AVAILABLE RECORDS START

Lemma closure_sign_pattern_reach i j s w y :
  `|s| = 1 -> w ord0 i = 0 -> w ord0 j = 0 ->
  closure (C `&` sign_pattern i j s) w -> closure (C `&` sign_pattern i j s) (setr2 y i j 0 0).
Proof.
move=> s1 wi wj Cw; set t := setr2 y i j 0 0.
have ti : t ord0 i = 0 by rewrite !mxE eqxx; case: ifP.
have tj : t ord0 j = 0 by exact: setr2_snd.
pose Q (x : 'rV[R]_n) := [/\ x ord0 i = 0, x ord0 j = 0 & closure (C `&` sign_pattern i j s) x].
have [] // : Q t.
apply: (@row_reach _ _ Q w) => // x k [xi xj Cx] xk.
have ik : i != k by apply: contraNneq xk => <-; rewrite xi ti.
have jk : j != k by apply: contraNneq xk => <-; rewrite xj tj.
split; [by rewrite setr_neq | by rewrite setr_neq |].
by apply: closure_sign_pattern_setr; rewrite // eq_sym.
Qed.

Lemma closure_sign_pattern_axis i j s w a : i != j -> `|s| = 1 ->
  w ord0 i = 0 -> w ord0 j = 0 -> closure (C `&` sign_pattern i j s) w ->
  a != 0 -> C (setr w i a).
Proof.
move=> ij s1 wi wj Cw a0; have ji : j != i by rewrite eq_sym.
have indep (k l : 'I_n) t : l != k ->
    forall (z : 'rV[R]_n) u, 0 < t * z ord0 l -> 0 < t * setr z k u ord0 l.
  by move=> lk z u; rewrite setr_neq.
have CPQ P Q : C `&` P `&` Q `<=` C by move=> z [[]].
have Cwi : closure (C `&` [set z | 0 < s * z ord0 i]) w by apply: closureS Cw => z [? []].
have Cwj : closure (C `&` [set z | 0 < - s * z ord0 j]) w by apply: closureS Cw => z [? []].
have : s * a != 0 by rewrite mulf_neq0 // -normr_eq0 s1 oner_eq0.
rewrite neq_lt -oppr_gt0 -mulNr => /orP[sa|sa].
  have Ns1 : `|- s| = 1 by rewrite normrN.
  have sv : 0 <= - s * (a - w ord0 i) by rewrite wi subr0 ltW.
  apply: (closure_subC (CPQ _ _)).
  exact: (closure_shear_setr ij Ns1 (@F_cont i j 0) (@F0 i j) (@F_homo i j)
    (C_shear ij) wj (fun _ h => h) (indep _ _ _ ji) sv Cwj).
have Cj : closure (C `&` [set z | 0 < s * z ord0 j]) w.
  have sv : 0 <= s * (w ord0 j - w ord0 j) by rewrite subrr mulr0.
  have := closure_shear_setr ji s1 (@F_cont j i 0) (@F0 j i) (@F_homo j i) (C_shear ji)
    wi (fun _ h => h) (indep _ _ _ ij) sv Cwi.
  by rewrite setr_id; apply: closureS => z [[Cz _]]; rewrite /= wj subr0.
have sv : 0 <= s * (a - w ord0 i) by rewrite wi subr0 ltW.
apply: (closure_subC (CPQ _ _)).
exact: (closure_shear_setr ij s1 (@F_cont i j 0) (@F0 i j) (@F_homo i j)
  (C_shear ij) wj (fun _ h => h) (indep _ _ _ ji) sv Cj).
Qed.

Lemma closure_sign_pattern_axes i j s w y a : i != j -> `|s| = 1 ->
  w ord0 i = 0 -> w ord0 j = 0 -> closure (C `&` sign_pattern i j s) w ->
  a != 0 -> C (setr2 y i j a 0) /\ C (setr2 y i j 0 a).
Proof.
move=> ij s1 wi wj /(closure_sign_pattern_reach (y := y) s1 wi wj) Ct a0.
have ti : setr2 y i j 0 0 ord0 i = 0 by exact: setr2_fst.
have tj : setr2 y i j 0 0 ord0 j = 0 by exact: setr2_snd.
have Ct' : closure (C `&` sign_pattern j i (- s)) (setr2 y i j 0 0).
  by apply: closureS Ct => z [Cz [zi zj]]; split => //; rewrite /sign_pattern /= opprK.
have Ns1 : `|- s| = 1 by rewrite normrN.
split; first by rewrite -(setr_setr2_fst _ 0 _ _ ij); exact: closure_sign_pattern_axis Ct a0.
rewrite -(setr_setr2_snd _ _ _ _ 0).
by apply: (closure_sign_pattern_axis _ Ns1 tj ti Ct' a0); rewrite eq_sym.
Qed.

End ShearClosedSet.

Section Descent.
Variable R : realType.
Implicit Types (D : R -> R -> Prop) (d c eta : R).

Let itv0 (d : R) : 0 < d -> (0 : R) <= 0 <= d. Proof. by move=> d0; rewrite lexx ltW. Qed.

(* Two curves [(a1, b1)] and [(a2, b2)] on [[0, d]], in the open quadrant and
   off [D]: the backward images under inverse shears of a horizontal and a
   vertical segment of length [d] from a common point.  Each pullback lowers
   [b1 d + a2 d] by at least [min (f d) (g d)]. *)
Record descent D d c (a1 b1 a2 b2 : R -> R) : Prop := Descent {
  descent_cont : [/\ continuous a1, continuous b1, continuous a2 & continuous b2];
  descent_fst : forall s, 0 <= s <= d -> [/\ 0 < a1 s, 0 < b1 s & ~ D (a1 s) (b1 s)];
  descent_snd : forall s, 0 <= s <= d -> [/\ 0 < a2 s, 0 < b2 s & ~ D (a2 s) (b2 s)];
  descent_start : a1 0 = a2 0 /\ b1 0 = b2 0;
  descent_spread : [/\ a1 0 + d <= a1 d, b1 d <= b1 0, b2 0 + d <= b2 d & a2 d <= a2 0];
  descent_bound : b1 d + a2 d <= c }.
(* Let $\Gamma$ and $\tilde\Gamma$ be two generalized cospectral signed bipartite graphs with a common characteristic polynomial $\phi(x)$ that is irreducible over $\mathbb{Q}$. Suppose their adjacency matrices are $$A=A(\Gamma)=\begin{bmatrix} O & M\\ M^{\mathrm T} & O\end{bmatrix},\qquad \tilde A=A(\tilde\Gamma)=\begin{bmatrix} O & \tilde M\\ \tilde M^{\mathrm T} & O\end{bmatrix}.$$ Then there exists a regular orthogonal matrix $Q$ such that $Q^{\mathrm T}AQ=\tilde A$, where $$Q=\begin{bmatrix} Q_1 & O\\ O & Q_2\end{bmatrix}\quad\text{or}\quad Q=\begin{bmatrix} O & Q_1\\ Q_2 & O\end{bmatrix},$$ with $Q_1$ and $Q_2$ regular rational orthogonal matrices.
   Context: A signed graph is a simple graph with each edge assigned a sign $\pm1$; its adjacency matrix has entry equal to the sign of the edge for adjacent vertices and $0$ otherwise. A signed bipartite graph is a signed graph whose underlying graph is bipartite; the vertices are ordered so that the adjacency matrix has the displayed block form. Two signed graphs with adjacency matrices $A,\tilde A$ are generalized cospectral if $\det(xI-A)=\det(xI-\tilde A)$ and $\det(xI-(J-I-A))=\det(xI-(J-I-\tilde A))$, $J$ the all-ones matrix. A square matrix $Q$ is orthogonal if $Q^{\mathrm T}Q=I$, rational if all entries are rational, and regular if $Qe=e$, where $e$ is the all-ones vector. *)

From mathcomp Require Import all_boot all_order all_algebra.
Set Implicit Arguments. Unset Strict Implicit. Unset Printing Implicit Defensive.
Import GRing.Theory Num.Theory.
Local Open Scope ring_scope.

(* We also require Q Q^T = I, which (over a field)
   is equivalent for square matrices and forces the two dimensions to agree,
   so that the definition can be applied to matrices whose dimensions are only
   propositionally equal. *)
Definition orthogonal_mx (m n : nat) (Q : 'M[rat]_(m, n)) : Prop :=
  Q^T *m Q = 1%:M /\ Q *m Q^T = 1%:M.

Definition regular (m n : nat) (Q : 'M[rat]_(m, n)) : Prop :=
  Q *m (const_mx 1 : 'cV[rat]_n) = (const_mx 1 : 'cV[rat]_m).

Definition signed_block (p q : nat) (M : 'M[rat]_(p, q)) : Prop :=
  forall i j, M i j \in [:: -1; 0; 1].

Definition bip_adj (p q : nat) (M : 'M[rat]_(p, q)) : 'M[rat]_(p + q) :=
  block_mx 0 M M^T 0.

Definition gen_cospectral (n m : nat) (A : 'M[rat]_n) (B : 'M[rat]_m) : Prop :=
  char_poly A = char_poly B /\
  char_poly (const_mx 1 - 1%:M - A) = char_poly (const_mx 1 - 1%:M - B).

(* Writing J = e e^T, the matrix determinant lemma gives
   det (yI - A + J) = phi(y) (1 + e^T (yI - A)^-1 e), so generalized cospectral
   graphs have the same function y |-> e^T (yI - A)^-1 e.  Multiplied by phi, it
   is a polynomial whose coefficients are triangular in the walk numbers
   e^T A^k e, so these agree for k < n, hence for all k by Cayley-Hamilton.
   Irreducibility of phi makes every nonzero vector cyclic: the walk matrices
   W = [e, Ae, ..., A^(n-1) e] are invertible and have equal Gram matrices, so
   Q = W W~^-1 is a regular orthogonal matrix with Q^T A Q = A~.
   Finally D = diag(I, -I) anticommutes with both adjacency matrices, so
   Y = D Q D~ Q^T commutes with A and is a polynomial in A.  Being symmetric and
   orthogonal, Y^2 = I, and irreducibility of phi forces Y = +-I, i.e.
   Q D~ = +-D Q: this is the block-diagonal or block-antidiagonal shape of Q. *)

From mathcomp Require Import all_boot all_order all_algebra.
From mathcomp Require Import ring zify.
Set Implicit Arguments. Unset Strict Implicit. Unset Printing Implicit Defensive.
Import GRing.Theory Num.Theory.
Local Open Scope ring_scope.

AVAILABLE RECORDS END

A verbatim transcription is needed of the lines above, starting at the line with "Let itv0 (d" and ending at the line with "(* Let $\Gamma$", both included, and of nothing else.

**SOLVED PROBLEM:**
Let itv0 (d : R) : 0 < d -> (0 : R) <= 0 <= d. Proof. by move=> d0; rewrite lexx ltW. Qed.

(* Two curves [(a1, b1)] and [(a2, b2)] on [[0, d]], in the open quadrant and
   off [D]: the backward images under inverse shears of a horizontal and a
   vertical segment of length [d] from a common point.  Each pullback lowers
   [b1 d + a2 d] by at least [min (f d) (g d)]. *)
Record descent D d c (a1 b1 a2 b2 : R -> R) : Prop := Descent {
  descent_cont : [/\ continuous a1, continuous b1, continuous a2 & continuous b2];
  descent_fst : forall s, 0 <= s <= d -> [/\ 0 < a1 s, 0 < b1 s & ~ D (a1 s) (b1 s)];
  descent_snd : forall s, 0 <= s <= d -> [/\ 0 < a2 s, 0 < b2 s & ~ D (a2 s) (b2 s)];
  descent_start : a1 0 = a2 0 /\ b1 0 = b2 0;
  descent_spread : [/\ a1 0 + d <= a1 d, b1 d <= b1 0, b2 0 + d <= b2 d & a2 d <= a2 0];
  descent_bound : b1 d + a2 d <= c }.
(* Let $\Gamma$ and $\tilde\Gamma$ be two generalized cospectral signed bipartite graphs with a common characteristic polynomial $\phi(x)$ that is irreducible over $\mathbb{Q}$. Suppose their adjacency matrices are $$A=A(\Gamma)=\begin{bmatrix} O & M\\ M^{\mathrm T} & O\end{bmatrix},\qquad \tilde A=A(\tilde\Gamma)=\begin{bmatrix} O & \tilde M\\ \tilde M^{\mathrm T} & O\end{bmatrix}.$$ Then there exists a regular orthogonal matrix $Q$ such that $Q^{\mathrm T}AQ=\tilde A$, where $$Q=\begin{bmatrix} Q_1 & O\\ O & Q_2\end{bmatrix}\quad\text{or}\quad Q=\begin{bmatrix} O & Q_1\\ Q_2 & O\end{bmatrix},$$ with $Q_1$ and $Q_2$ regular rational orthogonal matrices.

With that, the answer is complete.